毎日っていいな

毎日っていいな

 吉本ばななさんが、毎日新聞日曜版に連載していたエッセイがまとまった本です。

 日常を当たり前に感じられるってとてもありがたいことだなぁ・・・と読みながら思いました。

 こちらは「ご縁」というタイトルのお話で、印象に残りました。

 

P159

 二十代の後半、けっこう長い期間目白に住んでいた。

 そのとき、ほぼ毎日通っていたカフェがあった。マスターはこだわりの珈琲を淹れる人で、彼のお姉さまがとてもていねいにケーキを作っていた。

 落ち着いた内装で出窓があるすてきなお店だった。

 ひとりで、あるいは打ち合わせで、英会話をするために、恋人と、友だちと、午後に、晩御飯の後に……ありとあらゆるときに行った。

 そして珈琲を飲んだり、オレンジがふんだんに載った爽やかなケーキを食べたり、サーモンとクリームチーズのベーグルを食べたりして、幸せなひとときを過ごした。

 私は引っこして目白を出てしまい、ほどなくそのお店がなくなったことを聞いた。淋しかったけど悔いなく通ったからいいやと思っていた。

 そしてあるとき、たまたま家族と軽井沢に宿泊してタウン誌をぱらぱら見ていたら、なんとそのカフェの名前が書いてあった。私はびっくりしてすぐそこに行った。なんとそこにはあのマスターがいて、内装もなんとなく目白のお店に似ていて、ケーキはお姉さまのものではなかったけれど奥様が別のすてきなメニューをいろいろ考えていらして、何よりもマスターが全く同じ味の珈琲を淹れていたのであった。聞けば軽井沢に移住したのだという。あまりの偶然に私は嬉しくなって、マスターと懐かしい目白の思い出を語り合った。

 しばらくして仕事で軽井沢に行く機会があった。前の日に到着して宿泊し、担当の編集者さんと翌日の仕事のミーティングをした。翌日の午後ライターさんが到着するのでそれまで少し時間があると彼女は言った。

「どこか軽井沢で行きたいところはないですか?」と聞かれたので件のカフェの名前を告げたら、編集者さんはびっくりした顔で言った。

「それは私のおじさんのお店です!お誘いしていいかどうか迷っていたんです」

 なんと、すでに数年間いっしょに仕事をしていたその人はマスターの姪御さんだったのだ。

 いっしょにそのカフェに行き、お昼を食べ珈琲を飲んで、マスターと彼女とみんなで不思議なご縁について話した。

 私はそうしょっちゅう軽井沢に行くわけではなく、その編集者さんと軽井沢に行くことになったのは対談相手の方がたまたま夏でそこにいらしたからであって、ものすごく珍しいことなのだ。

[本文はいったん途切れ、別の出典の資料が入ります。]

Lemma dist_sym (a b : X) : dist X a b = dist X b a.
Proof.
  unfold dist. rewrite <- (ns_normN (ns_add X b (ns_opp X a))). f_equal.
  apply ns_opp_unique. rewrite ns_sub_telescope. apply ns_addN.
Qed.

Lemma dist_refl (a : X) : dist X a a = 0.
Proof. unfold dist. rewrite ns_addN. apply ns_norm0. Qed.

Lemma norm_le_dist_norm (w c : X) : ns_norm X w <= dist X w c + ns_norm X c.
Proof.
  unfold dist. rewrite <- ns_normD. right. f_equal.
  rewrite <- ns_addA, (ns_addC X (ns_opp X c) c), ns_addN, ns_add0. reflexivity.
Qed.

Lemma dist_scal a (x y : X) : dist X (ns_scal X a x) (ns_scal X a y) = Rabs a * dist X x y.
Proof. unfold dist. rewrite <- ns_scalN, <- ns_scalDr, ns_normZ. reflexivity. Qed.

Lemma is_open_scal_preimage (U : X -> Prop) a :
  a <> 0 -> is_open X U -> is_open X (fun y => U (ns_scal X a y)).
Proof.
  intros Ha HU y Hy. destruct (HU _ Hy) as [eps [Heps HUeps]].
  assert (Hpos : 0 < Rabs a) by (apply Rabs_pos_lt; exact Ha).
  exists (eps / Rabs a). split; [apply Rdiv_lt_0_compat; assumption|].
  intros w Hw. apply HUeps. rewrite dist_scal.
  apply Rmult_lt_reg_l with (/ Rabs a); [apply Rinv_0_lt_compat; exact Hpos|].
  rewrite <- Rmult_assoc, Rinv_l, Rmult_1_l by lra. lra.
Qed.

(* The balls of radius [4^i |c| / 2] around [4^i c] lie in disjoint annuli. *)
Lemma scaled_balls_disjoint (c y : X) i j :
  0 < ns_norm X c -> (i < j)%nat ->
  dist X (ns_scal X (/ 4 ^ i) y) c <= ns_norm X c / 2 ->
  dist X (ns_scal X (/ 4 ^ j) y) c <= ns_norm X c / 2 -> False.
Proof.
  intros Hc Hij Hi Hj.
  pose proof (norm_le_dist_norm (ns_scal X (/ 4 ^ i) y) c) as Hup.
  pose proof (norm_le_dist_norm c (ns_scal X (/ 4 ^ j) y)) as Hlow.
  rewrite dist_sym in Hlow. rewrite ns_normZ in Hup, Hlow.
  assert (P1 : 0 < 4 ^ i) by (apply pow_lt; lra).
  assert (P2 : 0 < 4 ^ j) by (apply pow_lt; lra).
  rewrite Rabs_right in Hup, Hlow by (left; apply Rinv_0_lt_compat; lra).
  set (s := ns_norm X y) in *. set (p := ns_norm X c) in *.
  assert (B1 : s <= 3 * p / 2 * 4 ^ i).
  { apply Rmult_le_reg_l with (/ 4 ^ i); [apply Rinv_0_lt_compat; lra|].
    replace (/ 4 ^ i * (3 * p / 2 * 4 ^ i)) with (3 * p / 2) by (field; lra). lra. }
  assert (B2 : p / 2 * 4 ^ j <= s).
  { apply Rmult_le_reg_l with (/ 4 ^ j); [apply Rinv_0_lt_compat; lra|].
    replace (/ 4 ^ j * (p / 2 * 4 ^ j)) with (p / 2) by (field; lra). lra. }
  assert (4 * 4 ^ i <= 4 ^ j) by (change (4 ^ S i <= 4 ^ j); apply Rle_pow; lra || lia).
  nra.
Qed.

Lemma is_open_ball (c : X) r : is_open X (fun z => dist X z c < r).
Proof.
  intros y Hy. exists (r - dist X y c). split; [lra|].
  intros w Hw. pose proof (dist_triangle w y c). lra.
Qed.

Lemma is_open_closed_ball_compl (c : X) r : is_open X (fun z => ~ dist X z c <= r).
Proof.
  intros y Hy. exists (dist X y c - r). split; [lra|].
  intros w Hw Hwc. pose proof (dist_triangle y w c). rewrite dist_sym in Hw. lra.
Qed.

Definition continuous_map (f : X -> X) : Prop :=
  forall x eps, 0 < eps ->
    exists del, 0 < del /\ forall y, dist X x y < del -> dist X (f x) (f y) < eps.

Lemma continuous_map_comp (f g : X -> X) :
  continuous_map f -> continuous_map g -> continuous_map (fun x => f (g x)).
Proof.
  intros Hf Hg x eps Heps.
  destruct (Hf (g x) eps Heps) as [d1 [Hd1 H1]].
  destruct (Hg x d1 Hd1) as [d2 [Hd2 H2]].
  exists d2. split; [exact Hd2|]. intros y Hy. apply H1, H2, Hy.
Qed.

Lemma continuous_map_iter (f : X -> X) j :
  continuous_map f -> continuous_map (Nat.iter j f).
Proof.
  intro Hf. induction j as [|j IH]; simpl.
  - intros x eps Heps. exists eps. split; [exact Heps|]. tauto.
  - exact (continuous_map_comp f (Nat.iter j f) Hf IH).
Qed.

Lemma bounded_linear_continuous (T : X -> X) : bounded_linear X T -> continuous_map T.
Proof.
  intros [Hadd [Hscal [M HM]]] x eps Heps.
  assert (Hdist : forall y, dist X (T x) (T y) <= M * dist X x y).
  { intro y. unfold dist. rewrite ns_oppE, <- Hscal, <- Hadd, <- ns_oppE. apply HM. }
  set (K := Rabs M + 1).
  assert (HK : 0 < K) by (unfold K; pose proof (Rabs_pos M); lra).
  exists (eps / K). split; [apply Rdiv_lt_0_compat; assumption|].
  intros y Hy.
  assert (M * dist X x y <= K * dist X x y).
  { pose proof (ns_norm_ge0 (ns_add X x (ns_opp X y))). pose proof (Rle_abs M).
    unfold K, dist in *. nra. }
  assert (K * dist X x y < eps).
  { apply Rmult_lt_reg_l with (/ K); [apply Rinv_0_lt_compat; exact HK|].
    rewrite <- Rmult_assoc, Rinv_l, Rmult_1_l by lra. lra. }
  pose proof (Hdist y). lra.
Qed.

End NormedSpaceFacts.

Section VisitCounts.
Variables (X : NormedSpace) (T : X -> X).

Definition indicator (P : Prop) : nat :=
  if excluded_middle_informative P then 1%nat else 0%nat.

Lemma indicator_le (P Q : Prop) : (P -> Q) -> (indicator P <= indicator Q)%nat.
Proof.
  unfold indicator; intro H; destruct (excluded_middle_informative P);
  destruct (excluded_middle_informative Q); intuition lia.
Qed.

Lemma indicator_le1 (P : Prop) : (indicator P <= 1)%nat.
Proof. unfold indicator; destruct (excluded_middle_informative P); lia. Qed.

Lemma indicator_or_disjoint (P Q : Prop) :
  (P -> Q -> False) -> indicator (P \/ Q) = (indicator P + indicator Q)%nat.
Proof.
  unfold indicator; intro H; destruct (excluded_middle_informative (P \/ Q));
  destruct (excluded_middle_informative P); destruct (excluded_middle_informative Q);
  intuition lia.
Qed.

Lemma visit_count_S (x : X) V N :
  visit_count X T x V (S N) = (visit_count X T x V N + indicator (V (Nat.iter (S N) T x)))%nat.
Proof. reflexivity. Qed.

さらに、もしも彼女が行きたいところはないかと聞いてくれなければ、私たちはお互いにそのお店の名前も出さないまま、普通に仕事をして帰っただろう。

 あの頃毎日通ったカフェが軽井沢にあるのをたまたま見つけ、たまたま仕事が軽井沢であったことで超忙しい私たちが万障繰り合わせていっしょに軽井沢に行くことになり、私がそのカフェの名前を出し、そのカフェのマスターが彼女のおじさんであることが発覚し、いっしょにそのカフェに行く確率って、どのくらい低いのか考えただけでくらっとする。

 縁って、あまり何も考えなくても、放っておいてもつながるようになっているのかも。